Website speed effect on organic searches after the Core Web Vitals update

According to Aleyda Solis (@aleyda), an expert in international SEO, speaker and author,Speed is already a ranking factor along many others, as the page experience one will be and we shouldn’t expect an “extreme” shift in our rankings due to it.“ Arnout Hellemans seems to agree with it and even says “Hardly any imho, it’s a PR play and it’s already in the algorithm. But that doesn’t mean you should ignore this.”

Overall all the experts who took part in the chat agree that we shouldn’t expect a dramatic immediate shift in our SEO rankings as a result of the Core Web Vitals update for a number of reasons. These new metrics are just 3 out of 200 other ranking factors and they will not get special priority so their relative weight will be low. Furthermore, Google will roll this update slowly starting in May till August 2021 to gather data, so any changes would not have an immediate impact.

Hristo Pandjarov, SEO Strategist and WordPress Initiatives Manager at SiteGround expects that this update will have “a bigger impact on small-volume keywords, local searches and niche ones where there aren’t big, authoritative sites that have already optimized their content.” If your site is already fast, you have fewer reasons to worry.

The optimal website loading speed

It’s good to know that major shifts are not foreseen as a result of the new Google update, but still if your site is not really well optimized, or if you are not sure where it stands, you are still bearing a risk and Google is sending you a message to get to work.
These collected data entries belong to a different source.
(* For every $n$, the set $\mathrm{Rect}^\ast(n)=\{(a^b): ab=n,\ a,b\ge 2\}$ of nontrivial rectangular partitions of $n$ is an independent set in the partition graph $G_n$; that is, no two distinct nontrivial rectangular partitions of $n$ are adjacent.
   Context: The partition graph $G_n$ has as vertices the integer partitions of $n$; two partitions are adjacent if one is obtained from the other by a single elementary unit transfer followed by reordering: decrease one part by $1$ and either increase a different part by $1$ or create a new part equal to $1$, then delete a part that became $0$ and sort in nonincreasing order (the result being different from the original). $(a^b)$ denotes the partition with $b$ parts all equal to $a$. *)

From mathcomp Require Import all_boot.
Set Implicit Arguments. Unset Strict Implicit. Unset Printing Implicit Defensive.

Definition is_partition (n : nat) (p : seq nat) : bool :=
  sorted geq p && all (fun x => 0 < x) p && (sumn p == n).

Definition normalize (s : seq nat) : seq nat :=
  sort geq (filter (fun x => 0 < x) s).

(* Elementary unit transfer: decrease part i by 1, then either increase a
   different part j (j < size p, j <> i) or create a new part equal to 1
   (j = size p: incr_nth appends a 1); delete a zero part, sort; the result
   must differ from p. *)
Definition unit_transfer (p q : seq nat) : Prop :=
  exists i j, i < size p /\ j <= size p /\ j <> i /\
    q = normalize (incr_nth (set_nth 0 p i (nth 0 p i).-1) j) /\ q <> p.

Definition partition_adj (n : nat) (p q : seq nat) : Prop :=
  is_partition n p /\ is_partition n q /\ (unit_transfer p q \/ unit_transfer q p).

Definition rect (a b : nat) : seq nat := nseq b a.

(* A unit transfer out of the rectangle (a^b) with a, b >= 2 leaves the
   positive part a - 1 next to some untouched or increased part >= a, so its
   result has two distinct part sizes and is never rectangular. *)
From mathcomp Require Import all_boot.

Set Implicit Arguments.
Unset Strict Implicit.

Lemma constant_mem_eq (T : eqType) (s : seq T) x y :
  constant s -> x \in s -> y \in s -> x = y.
Proof. by move=> /(constantP x)[z ->]; rewrite !mem_nseq => /andP[_ /eqP->] /andP[_ /eqP->]. Qed.

Lemma mem_normalize s x : (x \in normalize s) = (0 < x) && (x \in s).
Proof. by rewrite mem_sort mem_filter. Qed.

Lemma transfer_rect_parts a b i j : 1 < b -> i < b -> j != i ->
  let s := incr_nth (set_nth 0 (rect a b) i a.-1) j in
  a.-1 \in s /\ exists2 y, y \in s & a <= y.
Proof.
move=> hb ib ji s.
have size_s : b <= size s.
  rewrite size_incr_nth size_set_nth size_nseq (maxn_idPr ib).
  by case: ltnP => // /leqW.
have nth_s k : nth 0 s k = (j == k) + (if k == i then a.-1 else nth 0 (rect a b) k).
  by rewrite nth_incr_nth nth_set_nth.
pose k := if i == 0 then 1 else 0.
have kb : k < b by rewrite /k; case: ifP => _ //; apply: ltnW.
have ki : k != i by rewrite /k; case: (i =P 0) => [->|/eqP]; last rewrite eq_sym.
split.
- by rewrite -[a.-1](_ : nth 0 s i = _) ?mem_nth ?(leq_trans ib) // nth_s eqxx (negbTE ji).
- exists (nth 0 s k); first exact/mem_nth/(leq_trans kb).
  by rewrite nth_s (negbTE ki) nth_nseq kb leq_addl.
Qed.

Lemma unit_transfer_rect_not_constant a b q : 1 < a -> 1 < b ->
  unit_transfer (rect a b) q -> ~~ constant q.
Proof.
move=> ha hb [i [j [+ [_ [/eqP ji [-> _]]]]]]; rewrite size_nseq => ib.
rewrite nth_nseq ib.
have [pred_a_in [y y_in ay]] := transfer_rect_parts a hb ib ji.
apply/negP => /constant_mem_eq eq_parts.
have pred_a_pos : 0 < a.-1 by rewrite -ltnS prednK // ltnW.
have y_pos : 0 < y := leq_trans pred_a_pos (leq_trans (leq_pred a) ay).
have := eq_parts a.-1 y; rewrite !mem_normalize pred_a_pos pred_a_in y_pos y_in.
move=> /(_ isT isT) pred_a_y.
by move: ay; rewrite -pred_a_y leqNgt ltn_predL ltnW.
Qed.

Theorem proposition3p5 (n a b c d : nat) :
  2 <= a -> 2 <= b -> 2 <= c -> 2 <= d ->
  a * b = n -> c * d = n ->
  rect a b <> rect c d ->
  ~ partition_adj n (rect a b) (rect c d).
Proof.
move=> ha hb hc hd _ _ _ [_ [_ [ab_cd|cd_ab]]].
- exact: negP (unit_transfer_rect_not_constant ha hb ab_cd) (constant_nseq d c).
- exact: negP (unit_transfer_rect_not_constant hc hd cd_ab) (constant_nseq b a).
Qed.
A good start for this is to figure out how your website currently scores on the 3 new metrics – Largest Contentful paint (LCP), First Input Delay (FID), and Cumulative Layout Shift (CLS) and what to aim for.

According to Nikola Baldikov, SEO Manager at SiteGround the ideal page loading time is around 1 to 2 secs, while Hristo Pandjarov’s advice is to look at the #TTFB of 200ms for traffic in the same continent and Aleyda Solis adds that her preferred thresholds are LCP of less than 2.5 seconds and FID of less than 100 milliseconds. 
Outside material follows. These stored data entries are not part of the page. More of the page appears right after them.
(* Let $\alpha\in(0,1)$ and let $\bm A,\bm B\in\mathbb{C}^{N\times N}$ be orthogonal projection matrices. Define $\widetilde\Delta_0=\operatorname{Tr}(\bm A)-\alpha N$ and, for $k\ge1$, $$\widetilde\Delta_k=-\sum_{a=0}^{k-1}\widetilde\Delta_a\sum_{j=1}^{k-1}(-\alpha)^{k-j}q_{k,j,a}(1)+\mathbf 1\{k\text{ odd}\}\,2\alpha^k\big(\operatorname{Tr}(\bm B)-\tfrac12N\big)+\operatorname{Tr}\Big(\big((\bm A-\alpha\bm I_N)(2\bm B-\bm I_N)\big)^k\Big).$$ Also define $\widetilde\delta_0=\operatorname{Tr}(\bm A)-\alpha N$ and, for $k\ge1$, $$\widetilde\delta_k=\operatorname{Tr}\Big(\big((\bm A-\alpha\bm I_N)(2\bm B-\bm I_N)\big)^k\Big)+\mathbf 1\{k\text{ even}\}\,2\alpha^k\big(\operatorname{Tr}(\bm A)-\alpha N\big)+\mathbf 1\{k\text{ odd}\}\,2\alpha^k\big(\operatorname{Tr}(\bm B)-\tfrac12N\big).$$ Then for all $k\ge1$, $$\widetilde\Delta_k=\sum_{\substack{0\le a\le k\\ a\equiv k\ (\mathrm{mod}\ 2)}}\binom{k}{\frac{k+a}2}(\alpha(1-\alpha))^{\frac{k-a}2}\,\widetilde\delta_a.$$
   Context: For $k\ge1$ and a nonempty $S=\{s_1<\dots<s_j\}\subseteq[k]$, define $p_1(S)=s_2-s_1,\dots,p_{j-1}(S)=s_j-s_{j-1}$, $p_j(S)=k+s_1-s_j$. For $1\le j\le k$ and $0\le a\le j$ define $$q_{k,j,a}(x)=\sum_{S\subseteq[k],\,|S|=j}\ \sum_{A\subseteq[j],\,|A|=a}\ \prod_{i=1}^j\Big(\sum_{b=0}^{p_i(S)-1}(-1)^{p_i(S)-1-b}x^b+(-1)^{p_i(S)}\mathbf 1\{i\notin A\}\Big),$$ and set $q_{k,0,0}=0$ and $q_{k,j,a}=0$ when $a>j$. *)

From HB Require Import structures.
From mathcomp Require Import all_boot all_order all_algebra.
From mathcomp Require Import complex.
Set Implicit Arguments. Unset Strict Implicit. Unset Printing Implicit Defensive.
Import Order.TTheory GRing.Theory Num.Theory.
Local Open Scope ring_scope.

Definition ctrmx (C : numClosedFieldType) (m n : nat) (A : 'M[C]_(m, n)) : 'M[C]_(n, m) :=
  (map_mx Num.conj A)^T.

Definition orth_proj (C : numClosedFieldType) (N : nat) (A : 'M[C]_N) : Prop :=
  A *m A = A /\ ctrmx A = A.

(* The increasing list s_1 < ... < s_j of the elements of S (as naturals;
   S is a subset of 'I_k, i.e. {0,...,k-1}, a shift of [k] that does not
   affect the differences p_i). *)
Definition sortedS (k : nat) (S : {set 'I_k}) : seq nat :=
  sort leq [seq val i | i <- enum S].

(* p_i(S), with i 0-based: p_i = s_{i+1} - s_i for i < j-1, and
   p_{j-1} = k + s_1 - s_j. *)
Definition pS (k : nat) (S : {set 'I_k}) (i : nat) : nat :=
  let s := sortedS S in
  let j := size s in
  (if i.+1 < j then nth 0 s i.+1 - nth 0 s i
  else k + nth 0 s 0 - nth 0 s j.-1)%N.

Definition qkja (R : comRingType) (k j a : nat) (x : R) : R :=
  if (j == 0)%N || (j < a)%N then 0 else
  \sum_(S : {set 'I_k} | #|S| == j)
    \sum_(A : {set 'I_j} | #|A| == a)
      \prod_(i < j)
        ((\sum_(b < pS S i) (-1) ^+ (pS S i - 1 - b)%N * x ^+ b)
         + (-1) ^+ (pS S i) * (if i \in A then 0 else 1)).

Section Deltas.
Variables (C : numClosedFieldType) (N : nat) (alpha : C) (A B : 'M[C]_N).

Definition trT (k : nat) : C :=
  \tr (((A - alpha%:M) *m (2%:R *: B - 1%:M)) ^+ k).

Definition d0 : C := \tr A - alpha * N%:R.
Definition dB : C := \tr B - N%:R / 2%:R.

Definition delta_t (k : nat) : C :=
  if k == 0%N then d0 else
  trT k + (if ~~ odd k then 2%:R * alpha ^+ k * d0 else 0)
        + (if odd k then 2%:R * alpha ^+ k * dB else 0).

Definition Delta_next (k : nat) (prev : seq C) : C :=
  - (\sum_(a < k) prev`_a *
       \sum_(1 <= j < k) (- alpha) ^+ (k - j) * qkja k j a 1)
  + (if odd k then 2%:R * alpha ^+ k * dB else 0)
  + trT k.

Fixpoint Deltas (k : nat) : seq C :=
  match k with
  | 0 => [:: d0]
  | k'.+1 => rcons (Deltas k') (Delta_next k (Deltas k'))
  end.

Definition Delta_t (k : nat) : C := nth 0 (Deltas k) k.

End Deltas.

From HB Require Import structures.
From mathcomp Require Import all_boot all_order all_algebra.
From mathcomp Require Import complex.
From mathcomp Require Import ring zify.
Set Implicit Arguments. Unset Strict Implicit. Unset Printing Implicit Defensive.
Import Order.TTheory GRing.Theory Num.Theory.
Local Open Scope ring_scope.

(* The identity is a purely combinatorial statement about the recursion
   defining Delta_k: the matrices only enter through the numbers trT k, d0
   and dB.  The proof has four steps.
   1. q_{k,j,a}(1) counts the j-subsets S of [k] with exactly a odd gaps
      p_i(S), so that sum_j (-alpha)^(k-j) q_{k,j,a}(1) is the a-th
      coefficient of the gap polynomial
        F_k(X) = sum_{S <> 0} (-alpha)^(k-|S|) X^(#odd gaps of S).
   2. Splitting subsets of [k+1] according to whether they contain k gives
      a linear transfer recursion for F_k, from which
        F_k = D_k - alpha^k - (-alpha)^k,
      where D_k is the Dickson polynomial: D_0 = 2, D_1 = X,
      D_(n+2) = X D_(n+1) - beta D_n with beta = alpha (1 - alpha).
   3. X^b = sum_i C(b,i) beta^i D_(b-2i) (with D_0 read as 1).
   4. Let R_b denote the right-hand side of the theorem and L the linear
      form X^c |-> R_c.  By 3, L(D_b) = delta_b, and by 1 and 2 the
      sequence R then obeys the recursion defining Delta, whence
      Delta_k = R_k for all k. *)

Lemma sortedS_lt k (S : {set 'I_k}) : sorted ltn (sortedS S).
Proof.
rewrite ltn_sorted_uniq_leq sort_uniq (sort_sorted leq_total) andbT.
by rewrite map_inj_uniq ?enum_uniq //; exact: val_inj.
Qed.

Lemma mem_sortedS k (S : {set 'I_k}) x :
  (x \in sortedS S) = [exists i : 'I_k, (i \in S) && (val i == x)].
Proof.
rewrite /sortedS mem_sort; apply/mapP/existsP => [[i Hi ->]|[i /andP[Hi /eqP <-]]].
  by exists i; rewrite -mem_enum Hi eqxx.
by exists i; rewrite ?mem_enum.
Qed.

Lemma sortedS_bound k (S : {set 'I_k}) x : x \in sortedS S -> (x < k)%N.
Proof. by rewrite mem_sortedS => /existsP[i /andP[_ /eqP <-]]; exact: ltn_ord. Qed.

Lemma size_sortedS k (S : {set 'I_k}) : size (sortedS S) = #|S|.
Proof. by rewrite /sortedS size_sort size_map cardE. Qed.

Lemma sortedS_eq_nil k (S : {set 'I_k}) : (sortedS S == [::]) = (S == set0).
Proof. by rewrite -size_eq0 size_sortedS cards_eq0. Qed.

Lemma sortedS_setT k : sortedS [set: 'I_k] = iota 0 k.
Proof.
apply: (irr_sorted_eq ltn_trans ltnn) => [||x]; [exact: sortedS_lt|exact: iota_ltn_sorted|].
rewrite mem_iota add0n; apply/idP/idP => [/sortedS_bound //|Hx].
by rewrite mem_sortedS; apply/existsP; exists (Ordinal Hx); rewrite inE eqxx.
Qed.

(* A subset of 'I_n.+1 is a subset of 'I_n together with the information
   whether it contains the new top element n. *)
Definition extS n (S : {set 'I_n}) (b : bool) : {set 'I_n.+1} :=
  [set i | if unlift ord_max i is Some j then j \in S else b].

Definition restrS n (S : {set 'I_n.+1}) : {set 'I_n} :=
  [set j | lift ord_max j \in S].

Lemma extS_bij n :
  {on [pred S | true], bijective (fun p : {set 'I_n} * bool => extS p.1 p.2)}.
Proof.
exists (fun S => (restrS S, ord_max \in S)) => [[S b] _|S _] /=.
  by congr (_, _); [apply/setP => j; rewrite !inE liftK | rewrite inE unlift_none].
by apply/setP => i; rewrite inE; case: unliftP => [j ->|->]; rewrite ?inE.
Qed.

Lemma mem_sortedS_ext n (S : {set 'I_n}) b x :
  (x \in sortedS (extS S b)) = (x \in sortedS S) || (b && (x == n)).
Proof.
have val_lift (j : 'I_n) : val (lift ord_max j) = j.
  by rewrite /= /bump leqNgt ltn_ord.
rewrite !mem_sortedS; apply/existsP/orP => [[i /andP[]]|].
  rewrite inE; case: unliftP => [j ->|->] Hj /eqP <-.
    by left; apply/existsP; exists j; rewrite Hj val_lift eqxx.
  by right; rewrite Hj eqxx.
case=> [/existsP[j /andP[Hj /eqP <-]]|/andP[Hb /eqP ->]].
  by exists (lift ord_max j); rewrite inE liftK Hj val_lift eqxx.
by exists ord_max; rewrite inE unlift_none Hb eqxx.
Qed.

Lemma sortedS_ext0 n (S : {set 'I_n}) : sortedS (extS S false) = sortedS S.
Proof.
apply: (irr_sorted_eq ltn_trans ltnn); rewrite ?sortedS_lt // => x.
by rewrite mem_sortedS_ext orbF.
Qed.

Lemma sortedS_ext1 n (S : {set 'I_n}) :
  sortedS (extS S true) = rcons (sortedS S) n.
Proof.
apply: (irr_sorted_eq ltn_trans ltnn); rewrite ?sortedS_lt //; last first.
  by move=> x; rewrite mem_sortedS_ext mem_rcons in_cons orbC.
have := sortedS_lt S; have := @sortedS_bound n S.
case: (sortedS S) => [|y p] //= Hb Hp.
by rewrite rcons_path Hp /= Hb // mem_last.
Qed.

Lemma big_sortedS_split (V : nmodType) n (g : seq nat -> V) :
  \sum_(S : {set 'I_n.+1}) g (sortedS S) =
  \sum_(S : {set 'I_n}) (g (sortedS S) + g (rcons (sortedS S) n)).
Proof.
rewrite (reindex _ (extS_bij n)) /=.
rewrite -(pair_bigA _ (fun S b => g (sortedS (extS S b)))) /=; apply: eq_bigr => S _.
by rewrite big_bool /= sortedS_ext0 sortedS_ext1 addrC.
Qed.

(* Gaps of a list s = [s_0 < ... < s_(j-1)] of points of the cycle Z/k:
   gap k s i = p_(i+1)(S) when s = sortedS S. *)
Definition gap (k : nat) (s : seq nat) (i : nat) : nat :=
  (if i.+1 < size s then nth 0 s i.+1 - nth 0 s i
   else k + nth 0 s 0 - nth 0 s (size s).-1)%N.

Definition odd_gaps (k : nat) (s : seq nat) : nat :=
  count (fun i => odd (gap k s i)) (iota 0 (size s)).

Definition inner_odd_gaps (s : seq nat) : nat :=
  count (fun i => odd (nth 0 s i.+1 - nth 0 s i)%N) (iota 0 (size s).-1).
If your site is already fast though, it doesn’t make a huge difference if it loads for 1 second or 1.3 seconds in terms of SEO, according to Craig Campbell. Obsessing about it is of no use, but you should definitely care to optimize website speed if you are not close to the recommended values yet.

Useful website speed test tools

There are a lot of website speed test tools, which you can use to check your page loading times. Some of the most common ones are Lighthouse, PageSpeed Insights, Search Console > Core Web Vitals report, and more. Big thanks to Aleyda Solis who shared with us her all-inclusive list of tools to test website speed. 

Take a look at the list she has prepared and figure out which particular areas of improvement to focus on. When looking at the reports, make sure you follow Aleyda’s advice “to identify what’s hurting your own speed the most vs. cost of change” so that you focus resources on getting big wins in a short time.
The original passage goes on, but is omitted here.